Alessi hadn’t ever performed onstage before. But this true story became a show, with music and uplifting encouragement about embracing your passion. It premiered on the Fringe circuit in 2018, and has been travelling, to theatres and festivals, ever since.
And this is even more heartwarming: Alessi, who’s in his sixties, has donated 100 per cent of the nearly $1 million he’s raised so far to theatre and music charities wherever he goes. As billed, “it’s more than a show, it’s a movement.”
Alessi brings his fund-raising show to Workshop West’s Gateway Theatre for five performances Wednesday through Sunday. Tickets: workshopwest.org.

Kelly Holiff in Disney’s Frozen: The Broadway Musical, Citadel Theatre and Grand Theatre. Photo by Nanc Price.

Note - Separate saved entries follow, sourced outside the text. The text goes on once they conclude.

(* Every generalized Rickart $*$-ring has a unity (multiplicative identity) element.
   Context: A $*$-ring is an associative ring $R$ (not assumed to have an identity) equipped with an involution $x\mapsto x^*$, i.e. an additive map with $(xy)^*=y^*x^*$ and $x^{**}=x$. A projection is an element $e$ with $e=e^*=e^2$. For $a\in R$, $r(a)=\{b\in R: ab=0\}$. $R$ is a generalized Rickart $*$-ring if for every $x\in R$ there exist a positive integer $n$ and a projection $g\in R$ with $r(x^n)=gR$. *)

From mathcomp Require Import all_boot all_algebra.
Set Implicit Arguments. Unset Strict Implicit. Unset Printing Implicit Defensive.
Import GRing.Theory.
Local Open Scope ring_scope.

Definition is_rng (R : zmodType) (mul : R -> R -> R) : Prop :=
  [/\ forall x y z, mul x (mul y z) = mul (mul x y) z,
      forall x y z, mul x (y + z) = mul x y + mul x z &
      forall x y z, mul (x + y) z = mul x z + mul y z].

Definition is_involution (R : zmodType) (mul : R -> R -> R) (star : R -> R) : Prop :=
  [/\ forall x y, star (x + y) = star x + star y,
      forall x y, star (mul x y) = mul (star y) (star x) &
      forall x, star (star x) = x].

Definition is_star_ring (R : zmodType) (mul : R -> R -> R) (star : R -> R) : Prop :=
  is_rng mul /\ is_involution mul star.

Definition is_projection (R : zmodType) (mul : R -> R -> R) (star : R -> R) (e : R) : Prop :=
  e = star e /\ e = mul e e.

(* positive powers: rpow x n = x^(n+1) *)
Fixpoint rpow (R : Type) (mul : R -> R -> R) (x : R) (n : nat) : R :=
  match n with
  | O => x
  | S k => mul x (rpow mul x k)
  end.

Definition rann (R : zmodType) (mul : R -> R -> R) (a : R) : R -> Prop :=
  fun b => mul a b = 0.

(* principal right ideal gR = {g r | r in R} (no unity, so g itself need not lie in it a priori) *)
Definition rprinc (R : Type) (mul : R -> R -> R) (g : R) : R -> Prop :=
  fun b => exists r, b = mul g r.

Definition gen_rickart (R : zmodType) (mul : R -> R -> R) (star : R -> R) : Prop :=
  is_star_ring mul star /\
  forall x : R, exists (n : nat) (g : R),
    (0 < n)%N /\ is_projection mul star g /\
    (forall b, rann mul (rpow mul x n.-1) b <-> rprinc mul g b).

Definition has_unity (R : zmodType) (mul : R -> R -> R) : Prop :=
  exists u : R, forall x, mul u x = x /\ mul x u = x.

From mathcomp Require Import all_boot all_algebra.
Set Implicit Arguments. Unset Strict Implicit. Unset Printing Implicit Defensive.
Import GRing.Theory.
Local Open Scope ring_scope.

(* Taking x = 0 in the definition gives R = r(0^n) = gR for a projection g;
   an idempotent generating R as a right ideal is a left unity, and applying
   the involution to x* = g x* shows that the self-adjoint g is also a right
   unity. *)

Section Rng.

Variables (R : zmodType) (mul : R -> R -> R).
Hypothesis mul_rng : is_rng mul.

Lemma rng_mul0r (y : R) : mul 0 y = 0.
Proof.
have [_ _ mulDl] := mul_rng.
by apply: (addrI (mul 0 y)); rewrite -mulDl !addr0.
Qed.

Lemma rpow0 (k : nat) : rpow mul 0 k = 0.
Proof. by case: k => [|k] //=; rewrite rng_mul0r. Qed.

Lemma rann_rpow0 (k : nat) (b : R) : rann mul (rpow mul 0 k) b.
Proof. by rewrite /rann rpow0 rng_mul0r. Qed.

Lemma idempotent_generator_left_unit (g : R) :
  g = mul g g -> (forall b, rprinc mul g b) -> forall b, mul g b = b.
Proof.
have [mulA _ _] := mul_rng.
by move=> gg gR b; have [r ->] := gR b; rewrite mulA -gg.
Qed.

End Rng.

Lemma selfadjoint_left_unit_right_unit (R : zmodType) (mul : R -> R -> R)
    (star : R -> R) (g : R) :
  is_involution mul star -> g = star g -> (forall b, mul g b = b) ->
  forall x, mul x g = x.
Proof.
move=> [_ starM starK] gs gleft x.
by rewrite -[x]starK -{2}(gleft (star x)) starM -gs.
Qed.

Theorem mainTheorem1 (R : zmodType) (mul : R -> R -> R) (star : R -> R) :
  gen_rickart mul star -> has_unity mul.
Proof.
move=> [[mul_rng star_inv] rickart].
have [n [g [_ [[gs gg] rann0_gR]]]] := rickart 0.
have gleft : forall b, mul g b = b.
  apply: (idempotent_generator_left_unit mul_rng gg) => b.
  exact/rann0_gR/rann_rpow0.
exists g => x; split; first exact: gleft.
exact: (selfadjoint_left_unit_right_unit star_inv gs gleft).
Qed.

•If you want the gelato in your veins melted, Disney’s Frozen: The Broadway Musical at the Citadel could easily get you there. A stage adaptation of one of Disney’s hottest animation properties, it’s actually about the melt, since an ice queen is rescued from her own cryogenic super-powers by the force of sisterly love, and some powerhouse singing. Rachel Peake’s spectacular production, a collaboration between the Citadel and the Grand Theatre, knows a lot about the theatrical pluses of snow and ice and blizzards. Nearly as much as we do. Have a peek at the review. It runs through March 2. Tickets: citadeltheatre.com, 780-425-1820

Eli Yaschuk, Nina Vanderham, Aidan Laudersmith in The Noon Witch, Teatro Live! Photo supplied.

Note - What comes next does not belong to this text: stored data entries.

Hypothesis b_pos : 0 < b.
Hypothesis ds_decreasing : forall x y, 0 <= x -> x < y -> y <= b -> ds y < ds x.
Hypothesis ds_b_nonneg : 0 <= ds b.
Hypothesis sinv_ds : forall y, ds b < y < ds 0 -> 0 <= sinv ds b y <= b /\ ds (sinv ds b y) = y.
Hypothesis two_le_k : (2 <= k)%nat.
Hypothesis c_antitone : forall i, (1 <= i < k)%nat -> c i >= c (S i).
Hypothesis c_k_pos : c k > 0.
Hypothesis beta_eq_b : beta ds b k c g h = b.

Local Notation T i := (theta ds b c g i h).

Variant theta_spec (y t : R) : Prop :=
  | theta_zero : ds 0 <= y -> t = 0 -> theta_spec y t
  | theta_full : y <= ds b -> y < ds 0 -> t = b -> theta_spec y t
  | theta_inner : ds b < y < ds 0 -> 0 <= t <= b -> ds t = y -> theta_spec y t.

Lemma thetaP i : theta_spec (c i * g h) (T i).
Proof.
  unfold theta.
  destruct (Rle_dec (ds 0) (c i * g h)); [now apply theta_zero|].
  destruct (Rle_dec (c i * g h) (ds b)); [apply theta_full; auto; lra|].
  destruct (sinv_ds (c i * g h)) as [Hin Heq]; [lra|].
  now apply theta_inner; [lra | |].
Qed.

Lemma ds_0_pos : 0 < ds 0.
Proof. pose proof (ds_decreasing 0 b ltac:(lra) b_pos ltac:(lra)); lra. Qed.

Lemma theta_nonneg i : 0 <= T i.
Proof. destruct (thetaP i); lra. Qed.

Lemma c_pos i : (1 <= i <= k)%nat -> 0 < c i.
Proof.
  intros Hi; pose proof (antitone_step_le k c c_antitone i k ltac:(lia) ltac:(lia) ltac:(lia)); lra.
Qed.

Lemma theta_pair_le i j : (1 <= i)%nat -> (i < j)%nat -> (j <= k)%nat -> T i + T j <= b.
Proof.
  intros Hi Hij Hj.
  pose proof (sum1_ge_pair k (fun i => T i) (fun i _ => theta_nonneg i) i j Hi Hij Hj).
  unfold beta in beta_eq_b; lra.
Qed.

(* If g(h) <= 0 every theta_i(h) equals b, and two of them already exceed b. *)
Lemma g_pos : 0 < g h.
Proof.
  destruct (Rle_lt_dec (g h) 0) as [Hg|]; [exfalso | assumption].
  assert (Hfull : forall i, (1 <= i <= k)%nat -> T i = b).
  { intros i Hi; pose proof (c_pos i Hi).
    assert (c i * g h <= 0) by nra.
    pose proof ds_0_pos; destruct (thetaP i); lra. }
  pose proof (theta_pair_le 1 2 ltac:(lia) ltac:(lia) ltac:(lia)).
  rewrite !Hfull in H by lia; lra.
Qed.

Lemma theta_le_succ i : (1 <= i < k)%nat -> T i <= T (S i).
Proof.
  intros Hi.
  pose proof (antitone_step_le k c c_antitone i (S i) ltac:(lia) ltac:(lia) ltac:(lia)).
  assert (Hy : c (S i) * g h <= c i * g h) by (pose proof g_pos; nra).
  pose proof (theta_nonneg (S i)).
  destruct (thetaP i), (thetaP (S i)); try lra.
  destruct (Rle_lt_dec (T i) (T (S i))) as [|Hlt]; [assumption|].
  pose proof (ds_decreasing (T (S i)) (T i) ltac:(lra) Hlt ltac:(lra)); lra.
Qed.

(* A positive allocation next to a larger one cannot be b, since both sum to
   at most b; hence both are interior and s' equals the level c g(h) at each. *)
Lemma theta_ratio_interior i j : (1 <= i)%nat -> (i < j)%nat -> (j <= k)%nat ->
  T j >= T i -> T i > 0 -> ds (T j) / ds (T i) = c j / c i.
Proof.
  intros Hi Hij Hj Hge Hpos.
  pose proof (theta_pair_le i j Hi Hij Hj).
  pose proof (c_pos i ltac:(lia)); pose proof (c_pos j ltac:(lia)); pose proof g_pos.
  destruct (thetaP i) as [| |? ? Hdsi]; try lra.
  destruct (thetaP j) as [| |? ? Hdsj]; try lra.
  rewrite Hdsi, Hdsj; field; split; lra.
Qed.

Lemma theta_ratio_zero i j : (1 <= i)%nat -> (i < j)%nat -> (j <= k)%nat ->
  T j > T i -> T i = 0 -> ds (T j) / ds 0 >= c j / c i.
Proof.
  intros Hi Hij Hj Hgt Hzero.
  pose proof (c_pos i ltac:(lia)); pose proof (c_pos j ltac:(lia)); pose proof g_pos.
  assert (Hyi : ds 0 <= c i * g h).
  { destruct (thetaP i) as [| |? ? Hdsi]; try lra.
    rewrite Hzero in Hdsi; lra. }
  assert (Hyj : c j * g h <= ds (T j)).
  { destruct (thetaP j) as [| ? ? -> |]; lra. }
  pose proof ds_0_pos.
  apply Rle_ge, Rdiv_le_cross; try lra.
  assert (0 < c j * g h) by nra; nra.
Qed.

Lemma theta_CAP_solution : CAP_solution ds b k c (fun i => T i).
Proof.
  split; [intros; apply theta_nonneg|].
  split; [exact beta_eq_b|].
  split; [exact theta_le_succ|].
  split; [exact theta_ratio_interior | exact theta_ratio_zero].
Qed.

End CAP.

Theorem proposition2 (s ds : R -> R) (B b : R) (k : nat) (c : nat -> R)
    (I : R -> Prop) (g : R -> R) (h : R) :
  utility_hyp s ds B ->
  0 < b -> b <= B ->
  (2 <= k)%nat ->
  (forall i, (1 <= i < k)%nat -> c i >= c (S i)) ->
  c k > 0 ->
  auxiliary ds b k c I g ->
  I h ->
  beta ds b k c g h = b ->
  CAP_solution ds b k c (fun i => theta ds b c g i h).
Proof.
  intros Hu Hb HbB Hk Hc Hck _ _ Hbeta.
  pose proof Hu as (_ & _ & Hincr & Hconc & Hderiv & _).
  apply theta_CAP_solution; try assumption.
  - intros x y Hx Hxy Hy; apply (deriv_strictly_decreasing s ds 0 B); auto; lra.
  - apply (deriv_nonneg_of_increasing s 0 B (ds b) b Hincr); [apply Hderiv |]; lra.
  - exact (sinv_spec s ds B b Hu Hb HbB).
Qed.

•And opening this week, a tempting comedy about temptation from Teatro Live! The Noon Witch, a revival of Stewart Lemoine’s 1995 comedy, is inspired by an eccentric Hungarian folk tale about a witch who operates under the midday sun, and lures young men to their watery doom by offering them fatty snacks so they sink. The production directed by the playwright introduces four up-and-comers, a new generation of theatre talent, along with the experienced Teatro star Michelle Diaz. Meet Eli Yaschuk, one of the quartet of newcomers, in a preview. The show runs Friday through March 9. Tickets: teatrolive.com.
•A Midsummer Night’s Dream: the 70s musical, a new creation by Daryl Cloran and Kayvon Khoskam, starts previews Saturday at the Citadel. More about this show in an upcoming post.